Even John and Charles Wesley were converted, in part, through their contact with the Moravians. George Whitefield hotly debated some of the Moravian theology, but came to love and respect their zeal to get Christ known in places where no one else would consider going.
Count Nikolaus Zinzendorf, with all his personal flaws and theological deficiencies – and there were many – passionately loved Christ, the gospel, and the nations. Zinzendorf did much, and suffered much, to enlist missionary martyrs for the truly tough places of the world. He deservedly is considered one of the most influential leaders in mission history.
Zinzendorf laid a foundation for cross-cultural, protestant mission that pioneered the way for what is called “The Great Century of Mission” which followed in the 1800’s.
Sixty years before William Carey set out for India and one-hundred fifty years before Hudson Taylor sailed for China, God had already selected a rag-tag, rough-and-tumble group of radical believers to demonstrate what he will do when a few sell-out to Christ and simply do what he tells them to do.

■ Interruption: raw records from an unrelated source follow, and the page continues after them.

Definition length_defect : R := \sum_e `|ml X e - ml Y (g e)|.

Lemma sum_stretch_le c : (forall e, traversed e c <= ml X e) ->
  \sum_(z <- c) piece_dist z * stretch z <= length_defect.
Proof.
move=> traversed_le.
have -> : \sum_(z <- c) piece_dist z * stretch z =
    \sum_(z <- c) \sum_e (if on_edge e z then piece_dist z * `|scale e - 1| else 0).
  apply: eq_bigr => -[[v|a] w] _ /=; first by rewrite mulr0 big1.
  by rewrite -big_mkcond big_pred1_eq.
rewrite exchange_big; apply: ler_sum => e _; rewrite -big_mkcond -mulr_suml.
by rewrite dist_ml_scale ler_wpM2r // traversed_le.
Qed.

Lemma gdist_point_map_le p q :
  (gdist (point_map p) (point_map q) <= gdist p q + length_defect%:E)%E.
Proof.
rewrite -leeBlDr //; apply: le_ereal_inf_tmp => _ [c [c_chain ->]].
rewrite leeBlDr // sum_base_dist; case: ifP => [c_same|]; last by rewrite addye ?leey.
have [c' [c'_same c'_chain le_c'c traversed_le]] := chain_traversed_le c_same c_chain.
apply: le_trans (ereal_inf_lbound _) _.
  by exists (map point_map2 c'); split; first exact: chain_point_map.
rewrite sum_base_dist all_map (sub_all same_piece_point_map c'_same) -EFinD lee_fin.
rewrite big_map.
apply: le_trans (_ : \sum_(z <- c') (piece_dist z + piece_dist z * stretch z) <= _).
  rewrite big_seq_cond [leRHS]big_seq_cond; apply: ler_sum => z /andP[z_in _].
  exact/piece_dist_point_map/(allP c'_same).
by rewrite big_split lerD // sum_stretch_le.
Qed.

End PointMap.

Lemma point_mapK (R : realType) (X Y : mdm R) (f : mV X -> mV Y) (g : mE X -> mE Y)
    f' g' :
  cancel f f' -> cancel g g' -> cancel (point_map f g) (point_map f' g').
Proof.
move=> fK gK [v|[[e t] ?]] /=; first by rewrite fK.
congr inr; apply: val_inj; rewrite /= /rescale /scale /= gK; congr pair.
by field; rewrite !ml_neq0.
Qed.

Lemma length_defect_inv (R : realType) (X Y : mdm R) (g : mE X -> mE Y) g' :
  cancel g g' -> cancel g' g -> length_defect g' = length_defect g.
Proof.
move=> gK g'K; rewrite /length_defect (reindex g) /=; last by exists g' => ? _.
by apply: eq_bigr => e _; rewrite gK distrC.
Qed.
Definition combine n (e1 e2 : lineq n) : seq (lineq n) :=
  if rhs e1 == rhs e2 then [:: (lhs e1, rhs e1, wt e1 + wt e2)]
  else if wt e1 == wt e2 then [::]   (* resulting weight 0: deleted *)
  else if wt e2 < wt e1 then [:: (lhs e1, rhs e1, wt e1 - wt e2)]
  else [:: (lhs e1, rhs e2, wt e2 - wt e1)].

Definition combine_step n (S S' : seq (lineq n)) : Prop :=
  exists s1 s2 s3 e1 e2,
    S = s1 ++ e1 :: s2 ++ e2 :: s3 /\ lhs e1 = lhs e2 /\
    S' = s1 ++ s2 ++ s3 ++ combine e1 e2.

Definition combine_exhaust n (S S' : seq (lineq n)) : Prop :=
  clos_refl_trans _ (@combine_step n) S S' /\ uniq (map (@lhs n) S').

Definition alg_step n (S S' : seq (lineq n)) : Prop :=
  exists s1 e s2 (l : 'I_n),
    S = s1 ++ e :: s2 /\ l \in lhs e /\
    combine_exhaust
      (map (fun e' => if l \in lhs e' then (symdiff (lhs e) (lhs e'), rhs e (+) rhs e', wt e')
                      else e') (s1 ++ s2)) S'.

(* run k S0 j S : starting from S0, after j iterations (j equations marked)
   the system is S; the loop only continues while S <> [] and fewer than k marked. *)
Inductive run n (k : nat) (S0 : seq (lineq n)) : nat -> seq (lineq n) -> Prop :=
| run0 : run k S0 0 S0
| runS j S S' : run k S0 j S -> j < k -> S != [::] -> alg_step S S' -> run k S0 j.+1 S'.

Definition halted n (k j : nat) (S : seq (lineq n)) : bool := (S == [::]) || (k <= j).

Definition rho n (S : seq (lineq n)) : nat :=
  \max_(i < n) count (fun e : lineq n => i \in lhs e) S.

From mathcomp Require Import all_boot.
From Stdlib Require Import Relation_Operators.
Set Implicit Arguments. Unset Strict Implicit. Unset Printing Implicit Defensive.

(* Let P be the set of variables marked so far and L the composite of the elimination
   maps u |-> if l \in u then symdiff a u else u.  Every current left-hand side is L x for
   an original one x, and an original x with L x != set0 that collides with no other
   original left-hand side under L still occurs: its image occurs exactly once, and the
   combining rule never touches a left-hand side occurring once.  Moreover L moves all
   sets with the same trace on P by the same symmetric difference, so it is injective
   on the sets disjoint from P.  Hence a lost equation either meets P (at most rho |P|
   of them) or is disjoint from P and collides with one meeting P; the latter are
   injectively mapped by L into the images of the former.  So at most 2 rho |P|
   equations are lost, and |P| is at most the number of iterations. *)

Local Notation lhss S := (map (@lhs _) S).

Section SymDiff.
Variable n : nat.
Implicit Types (a u v : {set 'I_n}).

Lemma symdiffE u v i : (i \in symdiff u v) = (i \in u) (+) (i \in v).
Proof. by rewrite /symdiff !inE; case: (i \in u); case: (i \in v). Qed.

Lemma symdiff_eq0 u v : (symdiff u v == set0) = (u == v).
Proof.
apply/eqP/eqP => [/setP E | ->]; apply/setP => i; [move: (E i) |];
  by rewrite symdiffE inE; case: (i \in u); case: (i \in v).
Qed.

Lemma symdiffKl a u v : symdiff (symdiff a u) (symdiff a v) = symdiff u v.
Proof. by apply/setP => i; rewrite !symdiffE addbACA addbb. Qed.

End SymDiff.

Lemma card_bigcup_le (T I : finType) (P : pred I) (F : I -> {set T}) :
  #|\bigcup_(i | P i) F i| <= \sum_(i | P i) #|F i|.
Proof.
apply: (big_ind2 (fun (X : {set T}) m => #|X| <= m)) => //; first by rewrite cards0.
move=> X1 m1 X2 m2 le1 le2; rewrite cardsU (leq_trans (leq_subr _ _)) //.
exact: leq_add.
Qed.

Lemma count_mem_map_inj_at (T U : eqType) (f : T -> U) (s : seq T) x :
  uniq s -> x \in s -> {in s, forall y, f y = f x -> y = x} ->
  count_mem (f x) (map f s) = 1.
Proof.
move=> us xs injx; rewrite count_map -[RHS]/(nat_of_bool true) -xs -count_uniq_mem //.
by apply: eq_in_count => y ys /=; apply/eqP/eqP => [/injx-> | ->].
Qed.

Section Combining.
Variable n : nat.
Implicit Types (X Y : seq (lineq n)) (h : {set 'I_n}).

Lemma combine_lhs (e1 e2 : lineq n) : all (fun e => lhs e == lhs e1) (combine e1 e2).
Proof. by rewrite /combine; repeat case: ifP => _; rewrite /= ?eqxx. Qed.

Lemma combine_step_lhss X Y : combine_step X Y -> {subset lhss Y <= lhss X}.
Proof.
move=> [s1 [s2 [s3 [e1 [e2 [-> [_ ->]]]]]]] h.
rewrite !(map_cat, mem_cat) /= !(inE, map_cat, mem_cat).
case/or4P => [-> | -> | -> | /mapP[e /(allP (combine_lhs e1 e2)) /eqP <- ->]];
  by rewrite ?eqxx ?orbT.
Qed.

Lemma combine_step_count1 X Y h : combine_step X Y ->
  count_mem h (lhss X) = 1 -> count_mem h (lhss Y) = 1.
Proof.
move=> [s1 [s2 [s3 [e1 [e2 [-> [E ->]]]]]]].
rewrite !(count_cat, map_cat) /= !(count_cat, map_cat) /= -E.
have [<-|neq] := eqVneq (lhs e1) h; first by move/eqP; rewrite /= !add1n !addnS.
have fresh : h \notin lhss (combine e1 e2).
  by apply/mapP => -[e /(allP (combine_lhs e1 e2)) /eqP -> eh]; rewrite eh eqxx in neq.
by rewrite (count_memPn fresh) !add0n addn0 addnA.
Qed.

Lemma combine_rt_lhss X Y : clos_refl_trans _ (@combine_step n) X Y ->
  {subset lhss Y <= lhss X}.
Proof.
by elim=> [x y /combine_step_lhss | x | x y z _ subxy _ subyz h /subyz /subxy].
Qed.

Lemma combine_rt_count1 X Y h : clos_refl_trans _ (@combine_step n) X Y ->
  count_mem h (lhss X) = 1 -> count_mem h (lhss Y) = 1.
Proof.
elim=> [x y step | // | x y z _ IHxy _ IHyz /IHxy /IHyz //].
exact: combine_step_count1.
Qed.

End Combining.

Section Tracking.
Variable n : nat.
Implicit Types (P a u x y : {set 'I_n}) (L : {set 'I_n} -> {set 'I_n}).

(* Equivalently, [L x = symdiff x (c (x :&: P))] for some [c]: [L] translates each class
   of sets with a common trace on [P] rigidly. *)
Definition piecewise_translation P L :=
  forall x y, x :&: P = y :&: P -> symdiff (L x) (L y) = symdiff x y.

Lemma piecewise_translation_inj P L x y :
  piecewise_translation P L -> x :&: P = y :&: P -> L x = L y -> x = y.
Proof.
move=> HL xyP Lxy; apply/eqP; rewrite -symdiff_eq0 -HL //.
by rewrite Lxy symdiff_eq0.
Qed.

Definition elim_lhs a (l : 'I_n) u := if l \in u then symdiff a u else u.

Lemma elim_lhs0 a l : elim_lhs a l set0 = set0.
Proof. by rewrite /elim_lhs inE. Qed.

Lemma piecewise_translation_elim P L a l :
  piecewise_translation P L -> piecewise_translation (l |: P) (elim_lhs a l \o L).
Proof.
move=> HL x y /setP xyP.
have lxy : (l \in x) = (l \in y) by move: (xyP l); rewrite !inE eqxx !andbT.
have xyP' : x :&: P = y :&: P.
  apply/setP => i; move: (xyP i); rewrite !inE.
  by have [->|_] := eqVneq i l; rewrite ?lxy //= => ->.
have lLxy : (l \in L x) = (l \in L y).
  move/setP: (HL x y xyP') => /(_ l); rewrite !symdiffE lxy addbb.
  by case: (l \in L x); case: (l \in L y).
by rewrite /= /elim_lhs -lLxy; case: ifP; rewrite ?symdiffKl HL.
Qed.

Definition tracks P L (S0 S : seq (lineq n)) :=
  [/\ L set0 = set0, piecewise_translation P L, uniq (lhss S),
      {subset lhss S <= map L (lhss S0)} &
      {in lhss S0, forall x, L x != set0 ->
         {in lhss S0, forall y, L y = L x -> y = x} -> L x \in lhss S}].

Lemma tracks_refl (S0 : seq (lineq n)) : uniq (lhss S0) -> tracks set0 id S0 S0.
Proof. by move=> uS0; split=> // h; rewrite map_id. Qed.

Lemma lhss_eliminate (e : lineq n) l (s : seq (lineq n)) :
  lhss (map (fun e' => if l \in lhs e' then (symdiff (lhs e) (lhs e'), rhs e (+) rhs e', wt e')
                       else e') s)
  = map (elim_lhs (lhs e) l) (lhss s).
Proof. by rewrite -!map_comp; apply: eq_map => e' /=; rewrite /elim_lhs; case: ifP. Qed.

Lemma tracks_alg_step P L (S0 S S' : seq (lineq n)) :
  tracks P L S0 S -> alg_step S S' -> exists l a, tracks (l |: P) (elim_lhs a l \o L) S0 S'.
Proof.
move=> [L0 HL uS LS0 survS] [s1 [e [s2 [l [defS [le [combS uS']]]]]]].
set T := elim_lhs (lhs e) l; move: combS; set E := map _ _ => combS.
have lhsE : lhss E = map T (lhss (s1 ++ s2)) by rewrite lhss_eliminate.
have defS' : perm_eq (lhss S) (lhs e :: lhss (s1 ++ s2)).
  by rewrite defS !map_cat /= -cat1s perm_catCA.
have ues : uniq (lhs e :: lhss (s1 ++ s2)) by rewrite -(perm_uniq defS').
have subS : {subset lhss (s1 ++ s2) <= lhss S}.
  by move=> u us; rewrite (perm_mem defS') inE us orbT.
have subS0 u : u \in lhss (s1 ++ s2) -> exists2 x, x \in lhss S0 & u = L x.
  by move/subS/LS0/mapP.
exists l, (lhs e); split.
- by rewrite /= L0 elim_lhs0.
- exact: piecewise_translation_elim.
- exact: uS'.
- move=> h /(combine_rt_lhss combS); rewrite lhsE => /mapP[u /subS0[x x0 ->] ->].
  by apply/mapP; exists x.
move=> x x0 TLx0 injTLx.
have Lx0 : L x != set0 by apply: contraNneq TLx0 => /= ->; rewrite elim_lhs0.
have Lxe : L x != lhs e.
  by apply: contraNneq TLx0 => /= ->; rewrite /T /elim_lhs le symdiff_eq0.
have Lxs : L x \in lhss (s1 ++ s2).
  have injLx : {in lhss S0, forall y, L y = L x -> y = x}.
    by move=> y y0 Lyx; apply: injTLx; rewrite //= Lyx.
  by move: (survS x x0 Lx0 injLx); rewrite (perm_mem defS') inE (negbTE Lxe).
have count1 : count_mem (T (L x)) (lhss E) = 1.
  rewrite lhsE; apply: count_mem_map_inj_at => //; first by case/andP: ues.
  by move=> u /subS0[y y0 ->] TLyx; congr L; apply: injTLx.
by rewrite -has_pred1 has_count (combine_rt_count1 combS count1).
Qed.
(* Let $A\in\mathbb{C}^{n\times n}$, $k=\mathrm{Ind}(A)$, let $l\ge k$ be an integer and $m\in\mathbb{N}=\{1,2,\dots\}$. Then: (a) $A^{\#_m}AA^{\#_m}=A^{\#_m}$; (b) $A_1A^{\#_m}A_1=A_1$ and $A^{\#_m}A_1A^{\#_m}=A^{\#_m}$, where $A_1=AA^{\mathrm{cEP}}A$; (c) $A(A^{\#_m})^2=A^{\#_m}$; (d) $A^{\#_m}A^{l+1}=A^l$; (e) $A^{\#_m}=(A^d)^{m+1}P_{A^l}A^mP_{A^m}$; (f) $A^{\#_m}=A^l(A^{l+m+1})^\dagger A^mP_{A^m}$; (g) $\mathrm{rk}(A^{\#_m})=\mathrm{rk}(A^k)$; (h) $\mathcal{R}(A^{\#_m})=\mathcal{R}(A^k)$; (i) $\mathcal{N}(A^{\#_m})=\mathcal{N}((A^k)^*A^mP_{A^m})$; (j) $A^{\#_m}A^{m+1}=(A^{\mathrm{cEP}})^{m+1}A^{2m+1}$.
   Context: For $A\in\mathbb{C}^{n\times n}$: $A^*$ conjugate transpose, $A^\dagger$ Moore–Penrose inverse, $\mathcal{R}(\cdot)$, $\mathcal{N}(\cdot)$ column space and null space, $\mathrm{rk}$ rank, $P_A=AA^\dagger$, $A^0=I_n$. The index $\mathrm{Ind}(A)$ is the smallest nonnegative integer $k$ with $\mathcal{R}(A^k)=\mathcal{R}(A^{k+1})$. $A^d$ is the Drazin inverse (unique $X$ with $XAX=X$, $AX=XA$, $XA^{k+1}=A^k$). The core-EP inverse $A^{\mathrm{cEP}}$ is the unique $X$ with $XAX=X$ and $\mathcal{R}(X)=\mathcal{R}(X^* )=\mathcal{R}(A^k)$. For $m\in\mathbb{N}$, the $m$-weak group inverse is $A^{\mathrm{WG}_m}:=(A^{\mathrm{cEP}})^{m+1}A^m$ and the $m$-weak core inverse is $A^{\#_m}:=A^{\mathrm{WG}_m}P_{A^m}$. *)

From HB Require Import structures.
From mathcomp Require Import all_boot all_order all_algebra.
From mathcomp Require Import boolp classical_sets.
From mathcomp Require Import complex.
From mathcomp Require Import Rstruct.
Set Implicit Arguments. Unset Strict Implicit. Unset Printing Implicit Defensive.
Import Order.TTheory GRing.Theory Num.Theory.
Local Open Scope ring_scope.

Section GenInv.
Variable C : numClosedFieldType.
Variable n : nat.
Implicit Types A X : 'M[C]_n.

Definition ctmx (p q : nat) (M : 'M[C]_(p, q)) : 'M[C]_(q, p) :=
  (map_mx Num.conj M)^T.
Lemma basis_set_in_P : U good_index -> inP basis_set.
Proof.
  intros Hgood. repeat split.
  - intros Hfin. apply (uf_infinite U HU good_index Hgood).
    apply (finite_subset _ _ (fun x Hx => uf_infinite _ (HV x) _ (basis_set_section x Hx))).
    exact Hfin.
  - intros x Hfin y [Hx _]. exact (uf_infinite _ (HV x) _ (basis_set_section x Hx) Hfin).
  - intros x x' y Hne (_ & _ & HCx & _ & _ & Hx) (_ & _ & HCx' & _ & _ & Hx').
    destruct (Nat.lt_total x x') as [Hlt|[Heq|Hlt]].
    + exact (Hx' x Hlt HCx).
    + contradiction.
    + exact (Hx x' Hlt HCx').
  - intros x y (_ & _ & _ & Hlt & _). exact Hlt.
  - intros x y x' y' ((_ & HEx & _) & _) (_ & _ & _ & _ & HnEy' & _) Heq.
    apply HnEy'. rewrite <- Heq. exact HEx.
Qed.

End SumBasis.

Lemma sisnis_injective (U : (nat -> Prop) -> Prop) (V : nat -> (nat -> Prop) -> Prop) :
  sisnis U V -> forall m n, uf_equiv (V m) (V n) -> m = n.
Proof.
  intros [_ [_ Hnoniso]] m n Heq. apply NNPP. intros Hne. apply (Hnoniso m n Hne).
  exists (fun x => x). repeat split; [auto | intros y; exists y; reflexivity | |];
    apply Heq.
Qed.

Theorem mainTheorem1 :
  forall (U : (nat -> Prop) -> Prop) (V : nat -> (nat -> Prop) -> Prop),
    sisnis U V ->
    forall A : nat -> nat -> Prop, uf_sum U V A ->
      exists B : nat -> nat -> Prop,
        (forall x y, B x y -> A x y) /\ uf_sum U V B /\ inP B.
Proof.
  intros U V Hsisnis A HA.
  pose proof Hsisnis as [HUsel [HVsel _]].
  assert (HU : nonprincipal_uf U) by exact (proj1 HUsel).
  assert (HV : forall n, nonprincipal_uf (V n)) by (intros n; exact (proj1 (HVsel n))).
  pose proof (sisnis_injective U V Hsisnis) as Hinj.
  destruct (exists_separating_sets V HV Hinj (fun n => selective_ppoint _ (HVsel n)))
    as [C HC].
  destruct (exists_set_avoided V HV Hinj U HU (selective_ppoint U HUsel))
    as [E [HE HnE]].
  assert (Hgood : U (good_index V A E)).
  { apply (uf_and U HU); [exact HA|]. apply (uf_and U HU); assumption. }
  exists (basis_set V A C E). split; [|split].
  - intros x y (_ & HAxy & _). exact HAxy.
  - apply (uf_mono U HU _ _ Hgood). exact (basis_set_section V HV A C E HC).
  - exact (basis_set_in_P U V HU HV A C E HC Hgood).
Qed.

I’ve scribbled the name of Count Zinzendorf and the Moravians into the margin of Hebrews 11 in my bible alongside the other gospel champions listed there. Like those biblical examples, the Moravians’ lives demonstrated outrageous faith and extreme risk for the gospel. They lived by faith, and they died by faith. It is appropriate to remember the Moravians’ among God’s flock of fools who went to the far nations to gather a chosen, ransomed people for the glory of his name.